== Data to use ==

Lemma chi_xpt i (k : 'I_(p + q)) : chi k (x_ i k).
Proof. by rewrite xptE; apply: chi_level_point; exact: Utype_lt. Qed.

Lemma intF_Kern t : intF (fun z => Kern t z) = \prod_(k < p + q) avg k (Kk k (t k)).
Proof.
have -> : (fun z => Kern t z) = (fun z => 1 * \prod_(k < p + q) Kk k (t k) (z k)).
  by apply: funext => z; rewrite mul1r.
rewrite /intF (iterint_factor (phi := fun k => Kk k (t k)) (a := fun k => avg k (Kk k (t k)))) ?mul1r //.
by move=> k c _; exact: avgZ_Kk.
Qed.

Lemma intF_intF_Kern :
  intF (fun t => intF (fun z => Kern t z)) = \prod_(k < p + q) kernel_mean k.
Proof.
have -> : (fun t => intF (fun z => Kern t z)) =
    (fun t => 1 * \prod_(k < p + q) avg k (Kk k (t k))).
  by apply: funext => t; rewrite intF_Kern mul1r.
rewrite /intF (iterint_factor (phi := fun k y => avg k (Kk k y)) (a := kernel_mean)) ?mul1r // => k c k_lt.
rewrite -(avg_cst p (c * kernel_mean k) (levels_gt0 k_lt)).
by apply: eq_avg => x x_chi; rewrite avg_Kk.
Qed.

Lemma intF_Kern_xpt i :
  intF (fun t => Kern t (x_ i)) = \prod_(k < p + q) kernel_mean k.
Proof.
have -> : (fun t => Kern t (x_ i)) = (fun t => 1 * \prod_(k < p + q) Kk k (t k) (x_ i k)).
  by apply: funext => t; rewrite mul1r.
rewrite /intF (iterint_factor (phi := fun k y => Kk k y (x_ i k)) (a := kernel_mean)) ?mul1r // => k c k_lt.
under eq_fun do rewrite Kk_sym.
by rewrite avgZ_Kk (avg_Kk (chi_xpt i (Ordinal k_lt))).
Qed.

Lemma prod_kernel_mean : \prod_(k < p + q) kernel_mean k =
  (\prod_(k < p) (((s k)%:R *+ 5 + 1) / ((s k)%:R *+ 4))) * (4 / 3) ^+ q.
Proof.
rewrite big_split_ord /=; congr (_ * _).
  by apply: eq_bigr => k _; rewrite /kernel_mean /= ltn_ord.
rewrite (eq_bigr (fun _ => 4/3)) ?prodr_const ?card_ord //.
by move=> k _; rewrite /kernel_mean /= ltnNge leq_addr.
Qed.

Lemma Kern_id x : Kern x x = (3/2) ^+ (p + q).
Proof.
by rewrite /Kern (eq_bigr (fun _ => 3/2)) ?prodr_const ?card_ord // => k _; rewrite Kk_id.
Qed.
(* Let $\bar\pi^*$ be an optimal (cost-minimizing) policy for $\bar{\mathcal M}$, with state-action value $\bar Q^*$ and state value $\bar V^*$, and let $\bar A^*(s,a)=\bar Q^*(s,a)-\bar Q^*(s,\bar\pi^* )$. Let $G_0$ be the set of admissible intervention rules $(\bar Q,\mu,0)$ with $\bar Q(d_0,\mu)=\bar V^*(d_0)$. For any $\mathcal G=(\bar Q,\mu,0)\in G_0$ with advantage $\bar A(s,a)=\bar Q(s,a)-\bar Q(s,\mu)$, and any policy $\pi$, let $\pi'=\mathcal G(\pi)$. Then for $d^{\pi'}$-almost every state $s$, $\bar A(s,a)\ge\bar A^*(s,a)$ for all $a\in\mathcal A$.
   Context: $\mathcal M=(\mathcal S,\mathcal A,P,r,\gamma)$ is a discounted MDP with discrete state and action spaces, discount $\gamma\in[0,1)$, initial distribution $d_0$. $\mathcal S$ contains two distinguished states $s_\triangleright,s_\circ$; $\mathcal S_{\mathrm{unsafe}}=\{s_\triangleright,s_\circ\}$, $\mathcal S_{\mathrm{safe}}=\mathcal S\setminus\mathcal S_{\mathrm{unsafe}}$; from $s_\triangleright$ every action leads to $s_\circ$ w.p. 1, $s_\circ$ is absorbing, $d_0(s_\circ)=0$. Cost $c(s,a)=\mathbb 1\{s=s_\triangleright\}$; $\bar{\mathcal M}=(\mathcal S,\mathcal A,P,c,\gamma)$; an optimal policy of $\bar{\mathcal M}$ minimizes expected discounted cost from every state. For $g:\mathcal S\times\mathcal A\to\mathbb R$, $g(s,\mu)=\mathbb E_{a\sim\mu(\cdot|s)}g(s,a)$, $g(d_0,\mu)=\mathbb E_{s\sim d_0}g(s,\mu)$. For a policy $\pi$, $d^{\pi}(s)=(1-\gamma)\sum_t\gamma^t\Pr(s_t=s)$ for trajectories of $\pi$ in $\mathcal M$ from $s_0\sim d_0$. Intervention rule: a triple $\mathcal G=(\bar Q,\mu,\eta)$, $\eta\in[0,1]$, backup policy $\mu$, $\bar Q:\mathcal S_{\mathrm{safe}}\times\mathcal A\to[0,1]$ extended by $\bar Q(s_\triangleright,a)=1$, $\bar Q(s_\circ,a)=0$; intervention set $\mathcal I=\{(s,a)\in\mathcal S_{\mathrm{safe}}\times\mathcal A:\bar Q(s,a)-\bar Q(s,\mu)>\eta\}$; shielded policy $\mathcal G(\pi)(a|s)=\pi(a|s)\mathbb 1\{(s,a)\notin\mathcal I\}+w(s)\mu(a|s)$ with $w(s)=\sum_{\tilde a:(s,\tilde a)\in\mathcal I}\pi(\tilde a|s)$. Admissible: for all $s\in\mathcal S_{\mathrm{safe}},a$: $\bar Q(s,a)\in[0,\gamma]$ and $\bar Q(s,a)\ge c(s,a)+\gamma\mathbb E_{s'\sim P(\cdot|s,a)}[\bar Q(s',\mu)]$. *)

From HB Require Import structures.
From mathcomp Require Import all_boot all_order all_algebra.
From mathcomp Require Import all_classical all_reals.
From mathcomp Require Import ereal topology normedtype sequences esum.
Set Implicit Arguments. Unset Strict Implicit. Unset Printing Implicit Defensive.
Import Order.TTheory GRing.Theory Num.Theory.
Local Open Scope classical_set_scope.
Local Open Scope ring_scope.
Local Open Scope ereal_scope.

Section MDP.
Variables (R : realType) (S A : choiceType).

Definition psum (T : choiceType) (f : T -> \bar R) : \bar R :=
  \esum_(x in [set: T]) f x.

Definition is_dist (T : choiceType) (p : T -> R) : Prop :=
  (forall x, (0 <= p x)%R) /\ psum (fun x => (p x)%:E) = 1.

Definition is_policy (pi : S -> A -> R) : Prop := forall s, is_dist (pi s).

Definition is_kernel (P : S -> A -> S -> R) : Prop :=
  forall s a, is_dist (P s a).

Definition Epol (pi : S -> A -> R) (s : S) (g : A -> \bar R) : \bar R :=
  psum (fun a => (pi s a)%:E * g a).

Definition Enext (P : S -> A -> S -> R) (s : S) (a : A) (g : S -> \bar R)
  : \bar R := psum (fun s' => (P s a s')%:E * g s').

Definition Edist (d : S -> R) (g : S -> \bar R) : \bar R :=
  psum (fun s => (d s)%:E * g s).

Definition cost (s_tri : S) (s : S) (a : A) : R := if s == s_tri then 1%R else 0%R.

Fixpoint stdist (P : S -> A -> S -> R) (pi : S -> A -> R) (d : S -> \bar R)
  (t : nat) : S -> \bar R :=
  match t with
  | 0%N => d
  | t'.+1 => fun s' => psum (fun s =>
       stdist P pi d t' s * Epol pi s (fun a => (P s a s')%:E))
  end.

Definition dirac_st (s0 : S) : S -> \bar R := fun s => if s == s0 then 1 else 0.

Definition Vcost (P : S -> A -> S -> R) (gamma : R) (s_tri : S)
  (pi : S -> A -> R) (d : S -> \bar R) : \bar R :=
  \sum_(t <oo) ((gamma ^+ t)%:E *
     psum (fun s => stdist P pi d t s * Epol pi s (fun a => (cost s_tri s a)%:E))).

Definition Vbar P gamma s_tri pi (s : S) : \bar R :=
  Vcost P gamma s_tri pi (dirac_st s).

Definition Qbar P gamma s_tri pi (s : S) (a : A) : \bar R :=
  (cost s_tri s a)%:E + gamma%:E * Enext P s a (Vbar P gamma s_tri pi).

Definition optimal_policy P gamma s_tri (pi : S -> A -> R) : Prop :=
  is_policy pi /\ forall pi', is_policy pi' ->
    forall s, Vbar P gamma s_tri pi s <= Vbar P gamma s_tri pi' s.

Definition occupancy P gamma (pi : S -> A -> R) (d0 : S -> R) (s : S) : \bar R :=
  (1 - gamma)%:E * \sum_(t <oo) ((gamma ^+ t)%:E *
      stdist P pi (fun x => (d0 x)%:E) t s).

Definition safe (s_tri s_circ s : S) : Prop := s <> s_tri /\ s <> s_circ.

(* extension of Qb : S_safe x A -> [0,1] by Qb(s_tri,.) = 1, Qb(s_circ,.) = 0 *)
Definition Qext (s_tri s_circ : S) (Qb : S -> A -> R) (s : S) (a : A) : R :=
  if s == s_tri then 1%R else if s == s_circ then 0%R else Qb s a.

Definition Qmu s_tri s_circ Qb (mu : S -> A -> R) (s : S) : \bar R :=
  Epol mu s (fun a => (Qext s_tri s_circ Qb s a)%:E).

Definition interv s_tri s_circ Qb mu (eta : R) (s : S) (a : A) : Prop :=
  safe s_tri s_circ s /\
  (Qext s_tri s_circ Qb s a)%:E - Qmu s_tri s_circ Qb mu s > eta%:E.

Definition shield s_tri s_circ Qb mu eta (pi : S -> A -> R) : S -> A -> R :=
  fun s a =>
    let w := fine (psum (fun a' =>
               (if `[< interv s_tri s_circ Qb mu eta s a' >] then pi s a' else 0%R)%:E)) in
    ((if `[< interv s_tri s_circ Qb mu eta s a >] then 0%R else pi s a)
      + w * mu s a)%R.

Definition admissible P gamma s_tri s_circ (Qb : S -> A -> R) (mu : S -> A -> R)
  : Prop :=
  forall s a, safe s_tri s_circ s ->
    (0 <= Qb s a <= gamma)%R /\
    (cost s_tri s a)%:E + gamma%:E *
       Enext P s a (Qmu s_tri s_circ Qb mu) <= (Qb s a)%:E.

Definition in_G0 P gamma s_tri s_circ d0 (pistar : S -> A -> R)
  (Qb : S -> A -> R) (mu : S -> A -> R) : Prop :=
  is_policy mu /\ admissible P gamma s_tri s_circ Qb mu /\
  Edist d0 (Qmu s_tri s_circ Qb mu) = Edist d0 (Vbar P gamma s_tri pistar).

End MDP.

===

What to work on:
Among the records, find each line where the word "Local" occurs, and copy it.

Finished task:
Local Open Scope classical_set_scope.
Local Open Scope ring_scope.
Local Open Scope ereal_scope.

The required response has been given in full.